Just Like Starting Over

Based on the errors that I’ve found, I will start from scratch in Part 7

Raw DNA Phasing of 4 Siblings Using One Parent’s DNA: Part 5

In my past 4 Blogs on the topic, I have started the phasing of my siblings raw DNA using my mother’s raw DNA. I used Whit Athey’s applicable paper on the subject, MS Access and have checked my results with the work that M MacNeill’s similar analysis of my raw DNA. I started out using 3 siblings in the analysis. Part way through, my brother’s results came in, so now I am looking at 4 siblings.

I parted a bit with the Whit Athey analysis in that where he went to a visual analysis, I decided to look for the change points in the data. I then used those points to perform an Access query to update the various patterns found. When I left off my last Blog, I had just located Starts and Stops for the 7 different paternal patterns for the 4 siblings.
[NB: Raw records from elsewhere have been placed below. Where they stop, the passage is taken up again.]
(* Let $(\Omega,\mathcal{H},\mathbb{E})$ be a nonlinear expectation space and let $\{X_\alpha\}_{\alpha\in\mathcal{A}}$ be a family of $\mathbb{R}^d$-valued random variables on it (so $\varphi(X_\alpha)\in\mathcal{H}$ for $\varphi\in C_b(\mathbb{R}^d)$). Let $(\bar\Omega,\bar{\mathcal{H}},\bar{\mathbb{E}})$ be a sublinear expectation space, $l>0$ fixed, and $\bar X=(\bar X_1,\dots,\bar X_d)$ with $\bar X_i\in\bar{\mathcal{H}}$ and $\psi(\bar X)\in\bar{\mathcal{H}}$ for every Borel $\psi:\mathbb{R}^d\to\mathbb{R}$ with $|\psi(x)|\le c(1+|x|^l)$. Suppose \[ \mathbb{E}[\varphi(X_\alpha)]-\mathbb{E}[\psi(X_\alpha)]\le\bar{\mathbb{E}}[\varphi(\bar X)-\psi(\bar X)]\quad\text{for all }\alpha\in\mathcal{A},\ \varphi,\psi\in C_b(\mathbb{R}^d). \] Then the family of distributions $\{\mathbb{F}_{X_\alpha}\}_{\alpha\in\mathcal{A}}$, $\mathbb{F}_{X_\alpha}[\varphi]:=\mathbb{E}[\varphi(X_\alpha)]$ for $\varphi\in C_b(\mathbb{R}^d)$, is weakly compact: every sequence $\{\mathbb{F}_{X_{\alpha_n}}\}_{n\ge1}$ has a subsequence $\{\mathbb{F}_{X_{\alpha_{n_i}}}\}_{i\ge1}$ such that $\{\mathbb{F}_{X_{\alpha_{n_i}}}[\varphi]\}_{i\ge1}$ is Cauchy for every $\varphi\in C_b(\mathbb{R}^d)$.
   Context: A nonlinear expectation space $(\Omega,\mathcal{H},\mathbb{E})$: $\mathcal{H}$ is a linear space of real functions on a set $\Omega$ with $1\in\mathcal{H}$ and $|\xi|\in\mathcal{H}$ for $\xi\in\mathcal{H}$; $\mathbb{E}:\mathcal{H}\to\mathbb{R}$ satisfies $\mathbb{E}[c]=c$ for constants and $\mathbb{E}[X]\ge\mathbb{E}[Y]$ when $X\ge Y$. A sublinear expectation space is such a space where moreover $\mathbb{E}[X+Y]\le\mathbb{E}[X]+\mathbb{E}[Y]$ and $\mathbb{E}[\lambda X]=\lambda\mathbb{E}[X]$ for $\lambda\ge0$. $C_b(\mathbb{R}^d)$ denotes bounded continuous real functions on $\mathbb{R}^d$. *)

From HB Require Import structures.
From mathcomp Require Import all_boot all_order all_algebra.
From mathcomp Require Import all_classical all_reals all_analysis.
Set Implicit Arguments. Unset Strict Implicit. Unset Printing Implicit Defensive.
Import Order.TTheory GRing.Theory Num.Theory.
Import numFieldNormedType.Exports.
Local Open Scope classical_set_scope.
Local Open Scope ring_scope.

(* R^d is modelled as row vectors 'rV[R]_d with MathComp-Analysis' (max) norm. *)

Definition Cb (R : realType) (d : nat) (phi : 'rV[R]_d -> R) : Prop :=
  continuous phi /\ exists M : R, forall x, `|phi x| <= M.

Definition borel_set (R : realType) (d : nat) (A : set 'rV[R]_d) : Prop :=
  smallest (sigma_algebra setT) (@open 'rV[R]_d) A.

Definition borel_fun (R : realType) (d : nat) (psi : 'rV[R]_d -> R) : Prop :=
  forall B : set R, measurable B -> borel_set (psi @^-1` B).

Definition nonlinear_expectation_space (R : realType) (Omega : Type)
  (H : set (Omega -> R)) (E : (Omega -> R) -> R) : Prop :=
  [/\
      (forall X Y, H X -> H Y -> H (X \+ Y)),
      (forall (c : R) X, H X -> H (fun w => c * X w)),
      H (fun _ => 1) &
      (forall X, H X -> H (fun w => `|X w|))] /\
  (forall c : R, E (fun _ => c) = c) /\
  (forall X Y, H X -> H Y -> (forall w, Y w <= X w) -> E Y <= E X).

Definition sublinear_expectation_space (R : realType) (Omega : Type)
  (H : set (Omega -> R)) (E : (Omega -> R) -> R) : Prop :=
  [/\ nonlinear_expectation_space H E,
      (forall X Y, H X -> H Y -> E (X \+ Y) <= E X + E Y) &
      (forall (lam : R) X, 0 <= lam -> H X -> E (fun w => lam * X w) = lam * E X)].

Definition cauchy_seqR (R : realType) (u : nat -> R) : Prop :=
  forall e : R, 0 < e -> exists N : nat, forall i j : nat,
    (N <= i)%N -> (N <= j)%N -> `|u i - u j| < e.

From mathcomp Require Import all_boot all_order all_algebra.
From mathcomp Require Import all_classical all_reals all_analysis.
From mathcomp Require Import ring lra.
Import Order.TTheory GRing.Theory Num.Theory.
Import numFieldNormedType.Exports.
Local Open Scope classical_set_scope.
Local Open Scope ring_scope.

Set Implicit Arguments.
Unset Strict Implicit.
Unset Printing Implicit Defensive.

(* By the domination hypothesis, E[phi(X_a)] - E[psi(X_a)] is bounded by
   Eb[(phi - psi)(Xb)], uniformly in a; if |phi - psi| <= K everywhere and <= e
   on the ball of radius N, this is at most e + K N^-l Eb[|Xb|^l], which is small
   for large N.  Every phi in C_b is approximated in this sense by a member of a
   countable family of bounded Lipschitz functions (clipped upper envelopes of
   cones with apices on rational grids), so it suffices to extract a subsequence
   along which E[g(X_a)] is Cauchy for every g of the family: this is
   Bolzano-Weierstrass followed by a diagonal argument. *)

Definition bounded_seqR (R : realType) (u : nat -> R) : Prop :=
  exists B : R, forall n, `|u n| <= B.

Lemma bounded_seqR_comp (R : realType) (u : nat -> R) (f : nat -> nat) :
  bounded_seqR u -> bounded_seqR (u \o f).
Proof. by case=> B uB; exists B => n; apply: uB. Qed.

Lemma homo_ltn_infl (f : nat -> nat) :
  {homo f : i j / (i < j)%N} -> forall n, (n <= f n)%N.
Proof. by move=> /leq_mono; exact: unstable.mono_leq_infl. Qed.

Lemma cvgn_cauchy_seqR (R : realType) (u : nat -> R) : cvgn u -> cauchy_seqR u.
Proof.
move=> /cvg_ex[l /cvgrPdist_lt ul] e e0.
have [N _ HN] := ul _ (divr_gt0 e0 (ltr0n R 2)).
exists N => i j Ni Nj.
rewrite (_ : u i - u j = (l - u j) - (l - u i)); last by ring.
by rewrite (splitr e) (le_lt_trans (ler_normB _ _)) // ltrD // HN.
Qed.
Sibling Patterns in an Excel Stacked Bar Chart

Today I was getting a headache trying to find a way to put the paternal patterns information into Excel in a Bar Chart. Here is the best I could do for the first 2 Chromosomes:

pattern-bar-chart

The spreadsheet data format is above. I chose Stacked Bar Chart. Then I had to transpose the row and columns. The slight glitch is that I had to create an extra duplicate pattern when that occurred to get the results in one bar per chromosome. I used the end point for each pattern. The bar assumes the start is at zero for each chromosome which isn’t totally accurate, but close enough, I suppose for a bar chart. The bar chart is meant to represent all the paternal changes in patterns for me and my 3 siblings.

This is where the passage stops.